Input for this task:
(* Let $\mathcal{H}$ be a separable Hilbert space with a fixed orthonormal basis $\mathcal{B}=\{e_k\}_{k\in\mathbb{N}}$ and let $\mathcal{S}$ be a closed subspace of $\mathcal{H}$. The following are equivalent: (1) $\sup_{Q\in\mathcal{P}(\mathcal{D})}c[\mathcal{S},R(Q)]<1$ (i.e. $\mathcal{S}$ is $\mathcal{B}$-compatible); (2) $\sup_{Q\in\mathcal{P}_0(\mathcal{D})}c[\mathcal{S},R(Q)]<1$; (3) $\sup_{Q\in\mathcal{P}_{0,\mathcal{S}}(\mathcal{D})}c[\mathcal{S},R(Q)]<1$.
   Context: $\mathcal{D}$ is the algebra of bounded operators diagonal with respect to $\mathcal{B}$; $\mathcal{P}(\mathcal{D})$ is the set of orthogonal projections in $\mathcal{D}$; $\mathcal{P}_0(\mathcal{D})$ is the set of finite-rank elements of $\mathcal{P}(\mathcal{D})$; $\mathcal{P}_{0,\mathcal{S}}(\mathcal{D})=\{Q\in\mathcal{P}_0(\mathcal{D}):R(Q)\cap\mathcal{S}=\{0\}\}$. For closed subspaces $\mathcal{M},\mathcal{N}$, $c[\mathcal{M},\mathcal{N}]=\sup\{|\langle\xi,\eta\rangle|:\xi\in\mathcal{M}\ominus(\mathcal{M}\cap\mathcal{N}),\ \eta\in\mathcal{N}\ominus(\mathcal{M}\cap\mathcal{N}),\ \|\xi\|=\|\eta\|=1\}$ (cosine of the Friedrichs angle). *)

From HB Require Import structures.
From mathcomp Require Import all_boot all_order all_algebra.
From mathcomp Require Import boolp classical_sets reals.
From mathcomp Require Import complex.
Set Implicit Arguments. Unset Strict Implicit. Unset Printing Implicit Defensive.
Import Order.TTheory GRing.Theory Num.Theory.
Local Open Scope ring_scope.
Local Open Scope classical_set_scope.

Section Hilbert.
Variables (R : realType) (V : lmodType R[i]) (inner : V -> V -> R[i]).

Definition is_inner_product : Prop :=
  [/\ (forall (a : R[i]) (x y z : V), inner (a *: x + y) z = a * inner x z + inner y z),
      (forall x y : V, inner y x = Num.conj (inner x y)),
      (forall x : V, 0 <= inner x x) &
      (forall x : V, inner x x = 0 -> x = 0)].

Definition hnorm (x : V) : R := Num.sqrt (complex.Re (inner x x)).

Definition cabs (z : R[i]) : R := Normc.normc z.

Definition converges_to (u : nat -> V) (x : V) : Prop :=
  forall eps : R, 0 < eps -> exists N : nat, forall n, (N <= n)%N -> hnorm (u n - x) < eps.

Definition cauchy_seq (u : nat -> V) : Prop :=
  forall eps : R, 0 < eps -> exists N : nat, forall n m, (N <= n)%N -> (N <= m)%N ->
    hnorm (u n - u m) < eps.

Definition is_complete : Prop :=
  forall u : nat -> V, cauchy_seq u -> exists x, converges_to u x.

Definition is_orthonormal_basis (e : nat -> V) : Prop :=
  (forall j k : nat, inner (e j) (e k) = (j == k)%:R) /\
  (forall x : V, (forall k, inner x (e k) = 0) -> x = 0).
Lemma labels_at_common_prefix F vx vy Lx Ly :
  labels_at F vx = Some Lx -> labels_at F vy = Some Ly ->
  exists P Sx Sy, [/\ Lx = P ++ Sx, Ly = P ++ Sy &
                      size P + size Sx + size Sy <= tree_size F].
Proof.
elim: vx F vy Lx Ly => [|i vx IHvx] F vy Lx Ly /=.
  by case=> <- /labels_at_size le; exists [::], [::], Ly.
case Fi: (onth F i) => [t|] //; case Lt: (labels_at _ vx) => [Lx'|] //= [<-].
have le_x := labels_at_size Lt; have le_t := onth_tree_size Fi.
case: vy => [|j vy] /=.
  by case=> <-; exists [::], (label t :: Lx'), [::]; split=> //=; lia.
case Fj: (onth F j) => [t'|] //; case Lt': (labels_at _ vy) => [Ly'|] //= [<-].
have le_y := labels_at_size Lt'; have le_t' := onth_tree_size Fj.
case: (eqVneq i j) => [eq_ij|ne_ij].
  move: Fj Lt'; rewrite -eq_ij Fi => -[<-] Lt'.
  have [P [Sx [Sy [-> -> le_P]]]] := IHvx _ _ _ _ Lt Lt'.
  by exists (label t :: P), Sx, Sy; split=> //=; lia.
exists [::], (label t :: Lx'), (label t' :: Ly'); split=> //=.
by have := onth2_tree_size ne_ij Fi Fj; lia.
Qed.

End SummaryTreePaths.

Lemma min4_cases d (T : orderType d) (u v w z : T) :
  let m := Order.min (Order.min u v) (Order.min w z) in
  [\/ m = u, m = v, m = w | m = z].
Proof.
case: (leP u v) => _; case: (leP w z) => _; case: leP => _;
  by [constructor 1 | constructor 2 | constructor 3 | constructor 4].
Qed.

Local Open Scope ring_scope.

Lemma mulr_natS (R : pzSemiRingType) (x : R) n : x * n.+1%:R = x * n%:R + x.
Proof. by rewrite !mulr_natr mulrSr. Qed.

Section EditDistanceWithGiveUp.
Variables (A : finType) (R : realFieldType) (lam : R).
Local Notation sseq := (seq (seq A)).
Implicit Types (a b p : seq A) (x y P Sx Sy : sseq).

Lemma EDG_nil_l y : EDG lam [::] y = lam * (size y)%:R.
Proof. by []. Qed.

Lemma EDG_nil_r x : EDG lam x [::] = lam * (size x)%:R.
Proof. by case: x. Qed.

Lemma EDG_cons a b x y :
  EDG lam (a :: x) (b :: y) =
  Order.min (Order.min (EDG lam x y + lam + (ED a b)%:R)
                       (EDG lam (a :: x) y + lam + (ED [::] b)%:R))
            (Order.min (EDG lam x (b :: y) + lam + (ED a [::])%:R)
                       (lam * (size (a :: x))%:R + lam * (size (b :: y))%:R)).
Proof. by []. Qed.

Lemma EDG_cons_le a b x y :
  [/\ EDG lam (a :: x) (b :: y) <= EDG lam x y + lam + (ED a b)%:R,
      EDG lam (a :: x) (b :: y) <= EDG lam (a :: x) y + lam + (ED [::] b)%:R,
      EDG lam (a :: x) (b :: y) <= EDG lam x (b :: y) + lam + (ED a [::])%:R &
      EDG lam (a :: x) (b :: y) <= lam * (size (a :: x))%:R + lam * (size (b :: y))%:R].
Proof. by rewrite EDG_cons !ge_min !lexx !orbT. Qed.
(* Let $K,L$ be fields, let $n\ge m\ge 1$ be integers, and let $\sigma_1,\ldots,\sigma_n,\tau_1,\ldots,\tau_m\colon K\to L$ be field homomorphisms such that $\prod_{i=1}^n \sigma_i(a)=\prod_{j=1}^m \tau_j(a)$ for all $a\in K$. Then one of the following holds: (1) $n=m$ and there is a permutation $g\in S_n$ with $\tau_i=\sigma_{g(i)}$ for $1\le i\le n$; (2) $\operatorname{char}K=\operatorname{char}L=p>0$, and there are indices $1\le i_1<i_2<\cdots<i_p\le n$ with $\sigma_{i_1}=\sigma_{i_2}=\cdots=\sigma_{i_p}$. Moreover, for every $1\le j\le m$ there exist an integer $l$ with $-(m-1)\le l(p-1)\le n-1$ and an index $1\le i\le n$ with $\tau_j=\sigma_i\mathbf{p}^l$; and for every $1\le i\le n$ there exist an integer $l$ with $-(n-1)\le l(p-1)\le m-1$ and an index $1\le j\le m$ with $\sigma_i=\tau_j\mathbf{p}^l$.
   Context: $\mathbf{p}$ denotes the Frobenius endomorphism $x\mapsto x^p$ of $L$. For field homomorphisms $\sigma,\tau\colon K\to L$ and an integer $l$, the equation $\tau=\sigma\mathbf{p}^l$ means: if $l\ge 0$, $\tau(a)=\sigma(a)^{p^l}$ for all $a\in K$; if $l<0$, $\tau(a)^{p^{-l}}=\sigma(a)$ for all $a\in K$ (i.e. $\sigma=\tau\mathbf{p}^{-l}$). *)

From HB Require Import structures.
From mathcomp Require Import all_boot all_order all_algebra all_fingroup.
Set Implicit Arguments. Unset Strict Implicit. Unset Printing Implicit Defensive.
Import Order.TTheory GRing.Theory Num.Theory.
Local Open Scope ring_scope.

(* frob_eq p sigma tau l  <->  tau = sigma p^l  (Frobenius twist convention):
   l >= 0 : tau a = (sigma a)^(p^l) for all a;
   l < 0  : (tau a)^(p^(-l)) = sigma a for all a. *)
Definition frob_eq (K L : fieldType) (p : nat) (sigma tau : K -> L) (l : int)
  : Prop :=
  match l with
  | Posz k => forall a, tau a = sigma a ^+ (p ^ k)
  | Negz k => forall a, tau a ^+ (p ^ k.+1) = sigma a
  end.

From HB Require Import structures.
From mathcomp Require Import all_boot all_order all_algebra all_fingroup.
From mathcomp Require Import boolp ring zify.
Import Order.TTheory GRing.Theory Num.Theory.
Local Open Scope ring_scope.
Set Implicit Arguments. Unset Strict Implicit. Unset Printing Implicit Defensive.

(* 1. Dedekind's lemma, in the grouped form: in a linear relation between
      multiplicative characters, the coefficients attached to equal characters
      sum to zero.  Consequently two families of characters with the same sum
      have, for each character, the same number of members equal to it (as an
      element of L).
   2. Cancellation (lemma [cancellation_all]): if prod_i s_i = prod_j t_j and no
      multiplicity k of either family vanishes in L, the families coincide as
      multisets.  By strong induction on their size: expanding
      prod_i s_i(x + y) as a sum over subsets W of the characters
      chi_W(x, y) = prod_(W) s(x) * prod_(not W) s(y) of K x K, Dedekind
      compares the classes of chi_{i}, and the induction hypothesis shows that
      such a class consists of the singletons {w} with s_w = s_i.
   3. In characteristic p, p equal factors f may be merged into the single
      homomorphism f^p without changing the product.  Merging until the
      multiplicities become admissible for 2 and keeping track of how often
      each factor is twisted by the Frobenius gives the bounds on l(p-1).
   The theorem follows: case (1) when L has characteristic 0 or every
   multiplicity of the sigma_i is below p, case (2) otherwise. *)

Definition is_char {L : fieldType} (M : Type) (mul : M -> M -> M) (one : M)
  (chi : M -> L) := chi one = 1 /\ forall x y, chi (mul x y) = chi x * chi y.
Lemma fourierZ c x s : fourier (fun g => c * x g) s = c * fourier x s.
Proof. by rewrite /fourier big_distrr; apply: eq_bigr => g _; rewrite mulrCA. Qed.

Definition delta (a : vec) (u : vec) : int := (u == a)%:Z.

Lemma fourier_delta a s : fourier (delta a) s = chi s a.
Proof.
rewrite /fourier (bigD1 a) //= /delta eqxx mulr1 big1 ?addr0 // => g /negbTE ->.
by rewrite mulr0.
Qed.

Lemma fourierD x z s : fourier (fun u => x u + z u) s = fourier x s + fourier z s.
Proof. by rewrite /fourier -big_split; apply: eq_bigr => g _; rewrite mulrDr. Qed.

Lemma fourierB x z s : fourier (fun u => x u - z u) s = fourier x s - fourier z s.
Proof. by rewrite /fourier -sumrB; apply: eq_bigr => g _; rewrite mulrBr. Qed.

Lemma fourierK x g : fourier (fourier x) g = (2 ^ n)%:Z * x g.
Proof.
rewrite /fourier; under eq_bigr do rewrite big_distrr /=.
rewrite exchange_big /=.
have chi_sum h : \sum_s chi g s * (chi s h * x h) = (\sum_s chi s (g + h)) * x h.
  by rewrite big_distrl; apply: eq_bigr => s _; rewrite mulrA chiDr (chiC g).
under eq_bigr do rewrite chi_sum sum_chi.
rewrite (bigD1 g) //= addvv eqxx big1 ?addr0 // => h hg.
suff /negbTE -> : g + h != 0 by rewrite mul0r.
by apply: contra hg; rewrite addr_eq0 oppv eq_sym.
Qed.
Lemma pow2_neq0 : (2 ^ n)%:Z != 0.
Proof. by rewrite eqz_nat expn_eq0. Qed.

Lemma fourier_inj x z : fourier x =1 fourier z -> x =1 z.
Proof.
move=> Fxz g; apply: (mulfI pow2_neq0).
by rewrite -!fourierK; apply: eq_bigr => s _; rewrite Fxz.
Qed.

Lemma fourier_preimage Y : (forall g, ((2 ^ n)%:Z %| fourier Y g)%Z) ->
  exists y, fourier y =1 Y.
Proof.
move=> dvdY; exists (fun g => (fourier Y g %/ (2 ^ n)%:Z)%Z) => s.
apply: (mulfI pow2_neq0); rewrite -fourierZ -fourierK.
by apply: eq_bigr => g _; rewrite [_ * (_ %/ _)%Z]mulrC divzK.
Qed.
(* Let $G=(V,E)$ be a social network with seller $s$ and buyers $N$, and let the fair diffusion mechanism (FDM) be as defined in the context. For every feasible action profile $a$, the seller's revenue under FDM, $\sum_{i\in N}p_i(a)$, is at least the seller's revenue under IDM, namely $v^{1^{st}}_{N_{-c_1}}$ (where $c_1$ is the first element of the strong critical ancestor sequence of the highest bidder $h$), and this in turn is at least the seller's revenue $v^{2^{nd}}_{r_s}$ of the Vickrey (second-price) auction held only among the seller's neighbours $r_s$, where $v^{2^{nd}}_{r_s}$ denotes the second-highest reported valuation among $r_s$.
   Context: Model. A seller $s$ sells one item on an undirected graph $G=(V,E)$ with $V=N\cup\{s\}$, $N=\{1,\dots,n\}$ the buyers. Each buyer $i$ has neighbour set $r_i\subseteq V$ and private valuation $v_i\ge 0$; her type is $\theta_i=(v_i,r_i)$; the seller's valuation is $0$ and $r_s$ denotes the seller's neighbours. Each buyer reports an action $a_i=(v_i',r_i')$ with $v_i'\ge0$ the reported valuation and $r_i'\subseteq r_i$ the neighbours she invites, or $a_i=nil$ if she does not participate. A profile $a$ is feasible if every $i$ with $a_i\neq nil$ is reachable by a path $s,k_1,\dots,k_m,i$ with $k_1\in r_s$, $k_{t+1}\in r'_{k_t}$ and $i\in r'_{k_m}$. All graph notions below refer to this reported network (participating buyers, with $j$ reachable from $i$ when $j\in r_i'$, and from $s$ when $j\in r_s$); $d_i$ is the length of the shortest such path from $s$ to $i$. A mechanism gives an allocation $\pi_i(a)\in\{0,1\}$ (at most one winner) and payments $p_i(a)\in\mathbb{R}$ (negative means $i$ receives money); the seller's revenue is $\sum_{i\in N}p_i(a)$. Definitions. A set $D\subseteq N$ is a cut set of buyer $i$ if no path from $s$ to $i$ exists without $D$; it is a minimal cut set if no proper subset is a cut set. $j$ is a critical ancestor of $i$ if $j$ belongs to a minimal cut set of $i$; a strong critical ancestor if $\{j\}$ is a minimal cut set of $i$; a weak critical ancestor if critical but not strong. $V_i=\{j\in N: i$ is a strong critical ancestor of $j\}$ (so $i\in V_i$); for $K\subseteq N$, $N_{-K}=N\setminus\bigcup_{i\in K}V_i$, and $N_{-i}=N_{-\{i\}}$. For $D\subseteq N$, $v_D^{1^{st}}=\max_{i\in D}v_i'$, and $g_D^{1^{st}}\in\arg\max_{i\in D}v^{1^{st}}_{V_i}$ (random tie-breaking). The strong critical ancestor sequence of $i$ is $C_i=(c_1^i,\dots,c_k^i)$, the strong critical ancestors of $i$ ordered by strictly increasing depth, with $c_k^i=i$. FDM. Let $h\in\arg\max_{i\in N}v_i'$ (random tie-breaking) and $C=(c_1,\dots,c_h)$ its strong critical ancestor sequence. For consecutive $c_j,c_{j+1}$, let $M_{c_jc_{j+1}}$ be the set of weak critical ancestors of $h$ lying on some simple path from $c_j$ to $c_{j+1}$ (for the last element the corresponding set $\{c_{j+1}\}\cup M_{c_jc_{j+1}}$ is empty). Allocation: the item goes to the first $c_j\in C$ (smallest $j$) with $v'_{c_j}=v^{1^{st}}_{N_{-(\{c_{j+1}\}\cup M_{c_jc_{j+1}})}}$; call it $c_w$, and let $\hat C=(c_1,\dots,c_w)$. Rewards: for $c_j\in\hat C$ (with $j\ge 2$), $R_{c_j}=\big(v^{1^{st}}_{N_{-(\{c_j\}\cup \{g^{1^{st}}_{M_{c_{j-1}c_j}}\})}}-v^{1^{st}}_{N_{-(\{c_j\}\cup M_{c_{j-1}c_j})}}\big)/(|M_{c_{j-1}c_j}|+1)$; for $i\in M_{c_{j-1}c_j}$, $R_i=\big(v^{1^{st}}_{N_{-(\{i\}\cup\{c_j\})}}-v^{1^{st}}_{N_{-(\{c_j\}\cup M_{c_{j-1}c_j})}}\big)/(|M_{c_{j-1}c_j}|+1)$; otherwise $R_i=0$. Payments: $p_{c_j}=v^{1^{st}}_{N_{-c_j}}-v^{1^{st}}_{N_{-(\{c_{j+1}\}\cup M_{c_jc_{j+1}})}}-R_{c_j}$ for $c_j\in\hat C$, $j<w$; $p_{c_w}=v^{1^{st}}_{N_{-c_w}}-R_{c_w}$; $p_i=-R_i$ for $i\in M_{c_{j-1}c_j}$, $2\le j\le w$; $p_i=0$ otherwise. IDM (the information diffusion mechanism of Li et al.) yields seller revenue $v^{1^{st}}_{N_{-c_1}}$ on the same profile. *)

From HB Require Import structures.
From mathcomp Require Import all_boot all_order all_algebra.
Set Implicit Arguments. Unset Strict Implicit. Unset Printing Implicit Defensive.
Import Order.TTheory GRing.Theory Num.Theory.
Local Open Scope ring_scope.

Section FDM.
Variables (R : realFieldType) (T : finType).
(* rs : the seller's neighbours r_s (buyers are the elements of T) *)
Variable rs : {set T}.
(* action profile: a i = None means nil, a i = Some (v'_i, r'_i) *)
Variable a : T -> option (R * {set T}).

Definition part (i : T) : bool := a i != None.
Definition rval (i : T) : R := if a i is Some (x, _) then x else 0.
Definition rinv (i : T) : {set T} := if a i is Some (_, Sr) then Sr else set0.
(* N : participating buyers (all graph notions refer to the reported network) *)
Definition Npart : {set T} := [set i | part i].

(* edges of the reported network (None = seller s), with vertices of D removed *)
Definition sedge (D : {set T}) (x y : option T) : bool :=
  match x, y with
  | None, Some j => [&& j \in rs, part j & j \notin D]
  | Some i, Some j => [&& part i, i \notin D, j \in rinv i, part j & j \notin D]
  | _, _ => false
  end.

Definition reach_avoid (D : {set T}) (i : T) : bool :=
  connect (sedge D) None (Some i).

Definition feasible : Prop := forall i, part i -> reach_avoid set0 i.

Definition cutset (D : {set T}) (i : T) : bool := ~~ reach_avoid D i.
Definition mincut (D : {set T}) (i : T) : bool :=
  cutset D i && [forall D' : {set T}, (D' \proper D) ==> ~~ cutset D' i].
Definition critical (j i : T) : bool := [exists D : {set T}, mincut D i && (j \in D)].
Definition strong (j i : T) : bool := mincut [set j] i.
Definition weak (j i : T) : bool := critical j i && ~~ strong j i.

(* V_i = { j | i is a strong critical ancestor of j } *)
Definition Vset (i : T) : {set T} := [set j | strong i j].
Definition Nminus (K : {set T}) : {set T} := Npart :\: \bigcup_(i in K) Vset i.
Definition vmax (D : {set T}) : R := \big[Num.max/0]_(i in D) rval i.
(* v^{2nd}_D : second highest reported valuation in D (0 if |D| < 2) *)
Definition v2nd (D : {set T}) : R :=
  nth 0 (sort (fun x y : R => y <= x) [seq rval i | i <- enum D]) 1.

Definition reachk (k : nat) (i : T) : bool :=
  [exists p : k.-tuple (option T), path (sedge set0) None p && (last None p == Some i)].
(* d_i : length of a shortest path from s to i (shortest paths have <= #|T| edges) *)
Definition depth (i : T) : nat := find (fun k => reachk k i) (iota 0 #|T|.+1).

Definition Cseq (i : T) : seq T :=
  sort (fun x y => (depth x <= depth y)%N) (enum [set j | strong j i]).

Definition bedge (x y : T) : bool := [&& part x, y \in rinv x & part y].
Definition onsp (x y z : T) : bool :=
  [exists k : 'I_#|T|, exists p : k.-tuple T,
     [&& path bedge x p, last x p == y, uniq (x :: p) & z \in x :: p]].

Definition highest (h : T) : Prop := part h /\ forall i, part i -> rval i <= rval h.

(* g D models {g^{1st}_D}: empty if D is empty, otherwise a singleton {x} with
   x in argmax_{i in D} v^{1st}_{V_i} (arbitrary tie-breaking) *)
Definition tiebreak (g : {set T} -> {set T}) : Prop :=
  forall D : {set T},
    (D = set0 -> g D = set0) /\
    (D != set0 -> exists x, [/\ g D = [set x], x \in D &
                               forall y, y \in D -> vmax (Vset y) <= vmax (Vset x)]).

Section Mechanism.
Variable h : T.
Variable g : {set T} -> {set T}.

Definition C : seq T := Cseq h.
(* c_j, 0-based: c 0 = c_1 of the paper *)
Definition cc (j : nat) : T := nth h C j.
Definition Mset (j : nat) : {set T} :=
  if (j.+1 < size C)%N then [set z | weak z h && onsp (cc j) (cc j.+1) z] else set0.
Definition Kset (j : nat) : {set T} :=
  if (j.+1 < size C)%N then cc j.+1 |: Mset j else set0.
(* 0-based index of the winner c_w *)
Definition wi : nat :=
  find (fun j => rval (cc j) == vmax (Nminus (Kset j))) (iota 0 (size C)).
(* reward of c_j (0-based j >= 1, uses M between c_{j-1} and c_j) *)
Definition Rc (j : nat) : R :=
  if j is j'.+1 then
    (vmax (Nminus (cc j |: g (Mset j'))) - vmax (Nminus (cc j |: Mset j')))
      / (#|Mset j'|%:R + 1)
  else 0.
Definition Rm (m : nat) (i : T) : R :=
  (vmax (Nminus [set i; cc m.+1]) - vmax (Nminus (cc m.+1 |: Mset m)))
    / (#|Mset m|%:R + 1).

Definition pay (i : T) : R :=
  if i \in take wi.+1 C then
    let j := index i C in
    (if (j < wi)%N then vmax (Nminus [set cc j]) - vmax (Nminus (Kset j))
     else vmax (Nminus [set cc j])) - Rc j
  else if has (fun m => i \in Mset m) (iota 0 wi) then
    - Rm (find (fun m => i \in Mset m) (iota 0 wi)) i
  else 0.

Definition fdm_revenue : R := \sum_(i : T) pay i.
Definition idm_revenue : R := vmax (Nminus [set cc 0]).
End Mechanism.

Definition vickrey_revenue : R := v2nd (rs :&: Npart).
End FDM.

(* Every buyer c_j of the winning chain c_1, ..., c_w pays v(N_{-c_j}) - v(N_{-K_j})
   (c_w pays v(N_{-c_w})) minus a reward.  As v(N_{-K}) decreases when K grows,
   the |M| + 1 rewards of the segment between c_j and c_{j+1} are each at most an
   (|M| + 1)-th of v(N_{-c_{j+1}}) - v(N_{-K_j}), so all payments and rewards
   telescope down to at least v(N_{-c_1}), the IDM revenue.  The winner exists
   because h is strictly deeper than its other strong critical ancestors (they lie
   on every path to h), hence last in C, where K is empty and v(N) = v_h.
   For the Vickrey bound: every seller neighbour other than c_1 is reached directly
   from s, so survives in N_{-c_1}, and the second highest bid of a set is at most
   the highest bid of the set minus any one element. *)

From HB Require Import structures.
From mathcomp Require Import all_boot all_order all_algebra.
From mathcomp Require Import lra.
Import Order.TTheory GRing.Theory Num.Theory.
Local Open Scope ring_scope.

Set Implicit Arguments.
Unset Strict Implicit.
Unset Printing Implicit Defensive.

Lemma sorted_rcons_le (X : Type) (e : rel X) (s : seq X) (y : X) :
  transitive e -> sorted e (rcons s y) -> all (e^~ y) s.
Proof.
move=> e_tr; rewrite -[rcons s y]revK rev_sorted rev_rcons /= -all_rev.
by apply: order_path_min => u v w /= vu wv; apply: e_tr wv vu.
Qed.

Lemma big_take_index (R : realFieldType) (T : finType) (x0 : T) (s : seq T) k
    (f : nat -> R) :
  uniq s -> (k <= size s)%N ->
  \sum_(i : T) (if i \in take k s then f (index i s) else 0) = \sum_(j < k) f j.
Proof.
move=> s_uniq k_le; rewrite -big_mkcond /= -big_uniq ?take_uniq //.
rewrite -{1}(mkseq_nth x0 s) /mkseq -map_take take_iota (minn_idPl k_le).
rewrite big_map -(subn0 k) big_mkord subn0; apply: eq_bigr => j _.
by rewrite index_uniq // (leq_trans (ltn_ord j) k_le).
Qed.

Lemma telescope_ge_head (R : realFieldType) (w : nat) (A B Rc RM : nat -> R) :
  Rc 0%N = 0 -> (forall m, (m < w)%N -> Rc m.+1 + RM m <= A m.+1 - B m) ->
  A 0%N <= \sum_(j < w.+1) ((if (j < w)%N then A j - B j else A j) - Rc j)
           - \sum_(m < w) RM m.
Proof.
have split_last n : \sum_(j < n.+1) ((if (j < n)%N then A j - B j else A j) - Rc j)
                    = \sum_(j < n) (A j - B j - Rc j) + (A n - Rc n).
  by rewrite big_ord_recr /= ltnn; congr (_ + _); apply: eq_bigr => j _; rewrite ltn_ord.
move=> Rc0; elim: w => [|w IH] step.
  by rewrite big_ord1 big_ord0 /= Rc0 !subr0.
apply: le_trans (IH (fun m m_lt => step m (ltnW m_lt))) _.
rewrite !split_last big_ord_recr [X in _ <= _ - X]big_ord_recr /=.
have := step w (ltnSn w); lra.
Qed.

Section Valuations.
Variables (R : realFieldType) (T : finType) (a : T -> option (R * {set T})).
Implicit Types D : {set T}.

Lemma vmax_ge0 D : 0 <= vmax a D.
Proof.
by apply: (big_rec (fun x => 0 <= x)) => // i x _ x_ge0; rewrite le_max x_ge0 orbT.
Qed.

Lemma le_vmax D i : i \in D -> rval a i <= vmax a D.
Proof. by move=> iD; rewrite /vmax (bigD1 i) //= le_max lexx. Qed.

Lemma vmax_le D x : 0 <= x -> {in D, forall i, rval a i <= x} -> vmax a D <= x.
Proof.
move=> x_ge0 le_x; apply: (big_ind (fun y => y <= x)) => [//|y z|i /le_x //].
by rewrite ge_max => -> ->.
Qed.

Lemma vmaxS D D' : D \subset D' -> vmax a D <= vmax a D'.
Proof.
by move=> /subsetP DD'; apply: vmax_le => [|i /DD' /le_vmax //]; apply: vmax_ge0.
Qed.

Lemma vmax_Npart h : highest a h -> 0 <= rval a h -> vmax a (Npart a) = rval a h.
Proof.
move=> [h_part h_max] h_ge0; apply/le_anti.
rewrite le_vmax ?inE // andbT.
by apply: vmax_le => // i; rewrite inE => /h_max.
Qed.

(* Two bids of [D] reach the second highest one, and only [x] escapes [D :\ x]. *)
Lemma v2nd_le_vmaxD1 D x : v2nd a D <= vmax a (D :\ x).
Proof.
rewrite /v2nd; set s := sort _ _.
have s_sorted : sorted (fun u v : R => v <= u) s by apply: sort_sorted => u v; apply: le_total.
have s_perm : perm_eq s [seq rval a i | i <- enum D] by rewrite perm_sort.
case: s s_sorted s_perm => [|z [|y t]] /= s_sorted s_perm; rewrite ?vmax_ge0 //.
rewrite leNgt; apply/negP => vmax_lt_y.
have only_x i : i \in D -> y <= rval a i -> i == x.
  move=> iD; apply: contraLR => i_neq_x.
  by rewrite -ltNge (le_lt_trans _ vmax_lt_y) // le_vmax // !inE i_neq_x.
have : (2 <= count (>= y) [:: z, y & t])%N.
  by move: s_sorted => /andP[y_le_z _]; rewrite /= y_le_z lexx.
rewrite (permP s_perm) count_map.
rewrite (eq_in_count (a2 := fun i => (y <= rval a i) && (i \in D))); last first.
  by move=> i; rewrite mem_enum /= => ->; rewrite andbT.
have le_count_x : subpred (fun i => (y <= rval a i) && (i \in D)) (pred1 x).
  by move=> i /andP[y_le iD]; apply: only_x.
move/leq_trans/(_ (sub_count le_count_x _)).
by rewrite count_uniq_mem ?enum_uniq //; case: (x \in enum D).
Qed.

What to produce: Nothing should be returned except the lines from the first line of the data above through the line with "(forall x : V, inner", each one exact.

Response to this task:
(* Let $\mathcal{H}$ be a separable Hilbert space with a fixed orthonormal basis $\mathcal{B}=\{e_k\}_{k\in\mathbb{N}}$ and let $\mathcal{S}$ be a closed subspace of $\mathcal{H}$. The following are equivalent: (1) $\sup_{Q\in\mathcal{P}(\mathcal{D})}c[\mathcal{S},R(Q)]<1$ (i.e. $\mathcal{S}$ is $\mathcal{B}$-compatible); (2) $\sup_{Q\in\mathcal{P}_0(\mathcal{D})}c[\mathcal{S},R(Q)]<1$; (3) $\sup_{Q\in\mathcal{P}_{0,\mathcal{S}}(\mathcal{D})}c[\mathcal{S},R(Q)]<1$.
   Context: $\mathcal{D}$ is the algebra of bounded operators diagonal with respect to $\mathcal{B}$; $\mathcal{P}(\mathcal{D})$ is the set of orthogonal projections in $\mathcal{D}$; $\mathcal{P}_0(\mathcal{D})$ is the set of finite-rank elements of $\mathcal{P}(\mathcal{D})$; $\mathcal{P}_{0,\mathcal{S}}(\mathcal{D})=\{Q\in\mathcal{P}_0(\mathcal{D}):R(Q)\cap\mathcal{S}=\{0\}\}$. For closed subspaces $\mathcal{M},\mathcal{N}$, $c[\mathcal{M},\mathcal{N}]=\sup\{|\langle\xi,\eta\rangle|:\xi\in\mathcal{M}\ominus(\mathcal{M}\cap\mathcal{N}),\ \eta\in\mathcal{N}\ominus(\mathcal{M}\cap\mathcal{N}),\ \|\xi\|=\|\eta\|=1\}$ (cosine of the Friedrichs angle). *)

From HB Require Import structures.
From mathcomp Require Import all_boot all_order all_algebra.
From mathcomp Require Import boolp classical_sets reals.
From mathcomp Require Import complex.
Set Implicit Arguments. Unset Strict Implicit. Unset Printing Implicit Defensive.
Import Order.TTheory GRing.Theory Num.Theory.
Local Open Scope ring_scope.
Local Open Scope classical_set_scope.

Section Hilbert.
Variables (R : realType) (V : lmodType R[i]) (inner : V -> V -> R[i]).

Definition is_inner_product : Prop :=
  [/\ (forall (a : R[i]) (x y z : V), inner (a *: x + y) z = a * inner x z + inner y z),
      (forall x y : V, inner y x = Num.conj (inner x y)),
      (forall x : V, 0 <= inner x x) &
      (forall x : V, inner x x = 0 -> x = 0)].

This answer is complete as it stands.